Lemma unif01_forbidden s : (0 < ncells (size s))%N ->
  (unif01 (forbidden s) <= ((ncells (size s))%:R^-1)%:E)%E.
Proof.
move=> t_gt0; have N_gt0 : (0 < width (size s))%N by rewrite expn_gt0 t_gt0.
rewrite /forbidden bigcup_seq.
apply: le_trans (measureU2 _ _ _) _ => //.
- exact: (measurableC (measurable_itv _)).
- by apply: bigsetU_measurable => j _; exact: measurable_itv.
rewrite [X in (X + _)%E](_ : _ = 0%E) ?add0e; last exact: unif01_notin01.
have cells_le := content_bigsetU_le (mu := unif01) (F := cell (width (size s)))
  (forbidden_cells s) (fun j => measurable_itv _) (fun j => unif01_cell R j N_gt0).
apply: le_trans cells_le _.
rewrite lee_fin /width natrX expr2 invfM mulrA -[X in _ <= X]mul1r.
rewrite ler_pM2r ?invr_gt0 ?ltr0n // ler_pdivrMr ?ltr0n // mul1r ler_nat.
exact: size_forbidden_cells.
Qed.

Lemma cost_constant_guess s : is_code_input s ->
  (fun w => code_cost s (run (fun=> w) s)) =
  (fun w => ((ncells (size s))%:R * \1_(forbidden s) w)%:E).
Proof.
by move=> [c _ [s_ge2 _]]; apply/funext => w; rewrite /code_cost; case: s s_ge2.
Qed.

Lemma code_problem_rand_competitive :
  rand_competitive code_problem unif01 (fun w _ => w) 1.
Proof.
split=> [s s_in|]; first rewrite /= cost_constant_guess //.
  apply/measurable_EFinP/measurable_funM; first exact: measurable_cst.
  by apply: measurable_indic; exact: measurable_forbidden.
exists 1 => s s_in; rewrite /= cost_constant_guess //.
under eq_integral do rewrite EFinM.
have mF := measurable_forbidden s.
rewrite ge0_integralZl //; last exact/measurable_EFinP/measurable_indic.
rewrite integral_indic ?setIT //.
apply: (@le_trans _ _ 1%:E); last by rewrite mul1e addeC leeDl // OPT_ge0.
case t_eq: (ncells (size s)) => [|t]; first by rewrite mul0e.
apply: le_trans (lee_wpmul2l _ (unif01_forbidden _)) _; rewrite ?t_eq ?lee_fin //.
by rewrite mulfV.
Qed.

Lemma size_input n c : (2 <= n)%N -> size (input n c) = n.
Proof. by move=> n_ge2; rewrite /= size_nseq -addn2 subnK. Qed.

Lemma input_forbidden_cells n L : (0 < I n)%N -> (2 <= n)%N ->
    size L = ncells n -> all (fun j => j < width n)%N L ->
  exists2 c, is_code_input (input n c) & forbidden_cells (input n c) = L.
Proof.
move=> In_gt0 n_ge2 sizeL allL.
have valL : map val (pmap insub L : seq 'I_(width n)) = L.
  rewrite (pmap_filter (@insubK _ _ _)) (eq_filter (isSome_insub _)).
  exact/all_filterP.
have size_tau : size (pmap insub L : seq 'I_(width n)) == ncells n.
  by rewrite -(size_map val) valL sizeL.
pose tau := Tuple size_tau.
pose c := index tau (enum {: (ncells n).-tuple 'I_(width n)}).
have c_lt : (c < size (enum {: (ncells n).-tuple 'I_(width n)}))%N.
  by rewrite index_mem mem_enum.
exists c.
  exists c; rewrite size_input //.
  apply: leq_trans c_lt _; rewrite -cardE card_tuple card_ord -expnM.
  exact: trunc_selfpowP.
by rewrite /forbidden_cells size_input // (nth_map tau) // nth_index ?mem_enum.
Qed.

Lemma code_cost_forbidden s y : forbidden s (head 0 y) ->
  code_cost s y = (ncells (size s))%:R%:E.
Proof. by move=> y_forb; rewrite /code_cost indicE mem_set // mulr1. Qed.

Lemma forbidden_cell_index s x : (0 < width (size s))%N ->
  cell_index (width (size s)) x \in forbidden_cells s -> forbidden s x.
Proof.
move=> N_gt0 x_cell; have [x01|x_out] := boolP (0 <= x <= 1).
  by right; exists (cell_index (width (size s)) x) => //; exact: cell_cell_index.
by left; rewrite /= in_itv /= (negbTE x_out).
Qed.

Lemma cell_mid_not_forbidden s j0 : (j0 < width (size s))%N ->
  j0 \notin forbidden_cells s -> ~ forbidden s (cell_mid (width (size s)) j0).
Proof.
move=> j0_lt j0_notin; have N_gt0 := leq_ltn_trans (leq0n j0) j0_lt.
case=> [|[j j_in]]; first by apply; rewrite /= in_itv /=; exact: cell_mid_itv.
by apply: cell_mid_notin => //; apply: contraNneq j0_notin => <-.
Qed.

Lemma OPT_code_problem_eq0 s : is_code_input s -> (2 <= ncells (size s))%N ->
  OPT code_problem s = 0%E.
Proof.
move=> [c _ [s_ge2 _]] t_ge2; set N := width (size s).
have [j0 j0_lt j0_notin] : exists2 j0, (j0 < N)%N & j0 \notin forbidden_cells s.
  apply/exists_notin_ltn/(leq_ltn_trans (size_forbidden_cells s)).
  by rewrite /N /width -[X in (X < _)%N]muln1 ltn_mul2l (leq_trans _ t_ge2).
pose y := nseq (size s) (@cell_mid R N j0).
have head_y : head 0 y = cell_mid N j0 by rewrite /y; case: (size s) s_ge2.
apply/eqP; rewrite eq_le OPT_ge0 andbT; apply: ge_ereal_inf.
exists (code_cost s y); first by exists y => //; exact: size_nseq.
rewrite /code_cost head_y indicE memNset ?mulr0 //.
exact: cell_mid_not_forbidden.
Qed.

Lemma advice_bits_gt_ncells ratio alpha A reads (b : nat -> nat) n :
    advice_alg_wf A reads ->
    (forall s, is_code_input s -> exists phi : tape,
       (code_cost s (run (A phi) s)
          <= ratio%:E * OPT code_problem s + alpha%:E)%E /\
       (forall n, (size s <= n)%N -> (reads phi s <= b n)%N)) ->
    (0 < I n)%N -> (2 <= n)%N -> (2 <= ncells n)%N -> alpha < (ncells n)%:R ->
  (ncells n < 2 ^ b n)%N.
Proof.
move=> wf competitive In_gt0 n_ge2 t_ge2 alpha_lt.
set t := ncells n in t_ge2 alpha_lt *; set N := width n; set B := b n.
have N_gt0 : (0 < N)%N by rewrite expn_gt0 (leq_trans _ t_ge2).
rewrite ltnNge; apply/negP => t_ge.
pose answers := [seq A (bits_tape (tval v)) [:: 0%N] | v <- enum {: B.-tuple bool}].
have size_answers : size answers = (2 ^ B)%N.
  by rewrite size_map -cardE card_tuple card_bool.
pose L := map (cell_index N) answers ++ nseq (t - 2 ^ B) 0%N.
have sizeL : size L = t by rewrite size_cat size_map size_answers size_nseq subnKC.
have allL : all (fun j => j < N)%N L.
  rewrite all_cat all_nseq /= N_gt0 orbT andbT.
  by apply/allP => _ /mapP [x _ ->]; exact: cell_index_lt.
have [k k_in cellsL] := input_forbidden_cells In_gt0 n_ge2 sizeL allL.
have [phi [cost_le reads_le]] := competitive _ k_in.
have size_s : size (input n k) = n by exact: size_input.
set s := input n k in k_in cellsL cost_le reads_le size_s.
have first_answer : A phi [:: 0%N] \in answers.
  have reads_first : (reads phi [:: 0%N] <= B)%N.
    by apply: leq_trans (wf.1 phi s 1) (reads_le n _); rewrite size_s.
  have [v ->] := advice_answer_bits wf reads_first.
  by apply: map_f; rewrite mem_enum.
have : forbidden s (head 0 (run (A phi) s)).
  by apply: forbidden_cell_index; rewrite size_s // cellsL mem_cat map_f.
move=> /code_cost_forbidden; move: cost_le => /[swap] ->.
have OPT0 : OPT code_problem s = 0%E.
  by apply: OPT_code_problem_eq0; rewrite ?size_s.
by rewrite OPT0 size_s mule0 add0e lee_fin; lra.
Qed.

End problem.

Theorem theorem18 (R : realType) (I : nat -> nat)
    (I_incr : forall n, (I n < I n.+1)%N) :
  exists P : online_min_problem R,
    at_most_inputs P I /\
    (exists (d : measure_display) (T : measurableType d) (Pr : probability T R)
            (Ra : T -> det_alg (req P) (ans P)),
        rand_competitive P Pr Ra 1) /\
    (forall (c : R) (A : tape -> seq (req P) -> ans P)
            (reads : tape -> seq (req P) -> nat) (b : nat -> nat),
        advice_alg_wf A reads ->
        advice_competitive P A reads c b ->
        exists (kappa : R) (n0 : nat), 0 < kappa /\
          forall n, (n0 <= n)%N ->
            kappa * ln (ln ((I n)%:R)) <= (b n)%:R).
Proof.
exists (code_problem R I); split; first exact: code_problem_at_most_inputs.
split.
  by exists _, _, unif01, (fun w _ => w); exact: code_problem_rand_competitive.
move=> c A reads b wf [alpha competitive].
have n_le_I n : (n <= I n)%N by elim: n => // n IH; exact: leq_ltn_trans IH (I_incr n).
pose K := maxn 2 (Num.truncn alpha).+1.
have alpha_lt : alpha < K%:R.
  by apply: lt_le_trans (truncnS_gt alpha) _; rewrite ler_nat leq_maxr.
exists 3^-1, (maxn 2 (K ^ (2 * K))); split=> [|n]; first by rewrite invr_gt0 ltr0n.
rewrite geq_max => /andP[n_ge2 n_ge].
have K_le : (K <= ncells I n)%N := trunc_selfpow_max (leq_trans n_ge (n_le_I n)).
have t_ge2 : (2 <= ncells I n)%N := leq_trans (leq_maxl _ _) K_le.
have In_gt0 : (0 < I n)%N := leq_trans (ltnW n_ge2) (n_le_I n).
have alpha_lt_t : alpha < (ncells I n)%:R.
  by apply: lt_le_trans alpha_lt _; rewrite ler_nat.
have bits_gt := advice_bits_gt_ncells wf competitive In_gt0 n_ge2 t_ge2 alpha_lt_t.
have b_gt0 : (0 < b n)%N.
  by rewrite lt0n; apply: contraTneq bits_gt => ->; rewrite -leqNgt (ltnW t_ge2).
exact: lnln_selfpow_le b_gt0 (trunc_selfpow_ltn _) bits_gt.
Qed.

——————

WHAT THE TASK REQUIRES: From the records above, quote only the lines running from the line with "(forall n, (size" to the line with "rand_competitive P Pr Ra 1) /\", both lines included.

EXERCISE RESULT:
       (forall n, (size s <= n)%N -> (reads phi s <= b n)%N)) ->
    (0 < I n)%N -> (2 <= n)%N -> (2 <= ncells n)%N -> alpha < (ncells n)%:R ->
  (ncells n < 2 ^ b n)%N.
Proof.
move=> wf competitive In_gt0 n_ge2 t_ge2 alpha_lt.
set t := ncells n in t_ge2 alpha_lt *; set N := width n; set B := b n.
have N_gt0 : (0 < N)%N by rewrite expn_gt0 (leq_trans _ t_ge2).
rewrite ltnNge; apply/negP => t_ge.
pose answers := [seq A (bits_tape (tval v)) [:: 0%N] | v <- enum {: B.-tuple bool}].
have size_answers : size answers = (2 ^ B)%N.
  by rewrite size_map -cardE card_tuple card_bool.
pose L := map (cell_index N) answers ++ nseq (t - 2 ^ B) 0%N.
have sizeL : size L = t by rewrite size_cat size_map size_answers size_nseq subnKC.
have allL : all (fun j => j < N)%N L.
  rewrite all_cat all_nseq /= N_gt0 orbT andbT.
  by apply/allP => _ /mapP [x _ ->]; exact: cell_index_lt.
have [k k_in cellsL] := input_forbidden_cells In_gt0 n_ge2 sizeL allL.
have [phi [cost_le reads_le]] := competitive _ k_in.
have size_s : size (input n k) = n by exact: size_input.
set s := input n k in k_in cellsL cost_le reads_le size_s.
have first_answer : A phi [:: 0%N] \in answers.
  have reads_first : (reads phi [:: 0%N] <= B)%N.
    by apply: leq_trans (wf.1 phi s 1) (reads_le n _); rewrite size_s.
  have [v ->] := advice_answer_bits wf reads_first.
  by apply: map_f; rewrite mem_enum.
have : forbidden s (head 0 (run (A phi) s)).
  by apply: forbidden_cell_index; rewrite size_s // cellsL mem_cat map_f.
move=> /code_cost_forbidden; move: cost_le => /[swap] ->.
have OPT0 : OPT code_problem s = 0%E.
  by apply: OPT_code_problem_eq0; rewrite ?size_s.
by rewrite OPT0 size_s mule0 add0e lee_fin; lra.
Qed.

End problem.

Theorem theorem18 (R : realType) (I : nat -> nat)
    (I_incr : forall n, (I n < I n.+1)%N) :
  exists P : online_min_problem R,
    at_most_inputs P I /\
    (exists (d : measure_display) (T : measurableType d) (Pr : probability T R)
            (Ra : T -> det_alg (req P) (ans P)),
        rand_competitive P Pr Ra 1) /\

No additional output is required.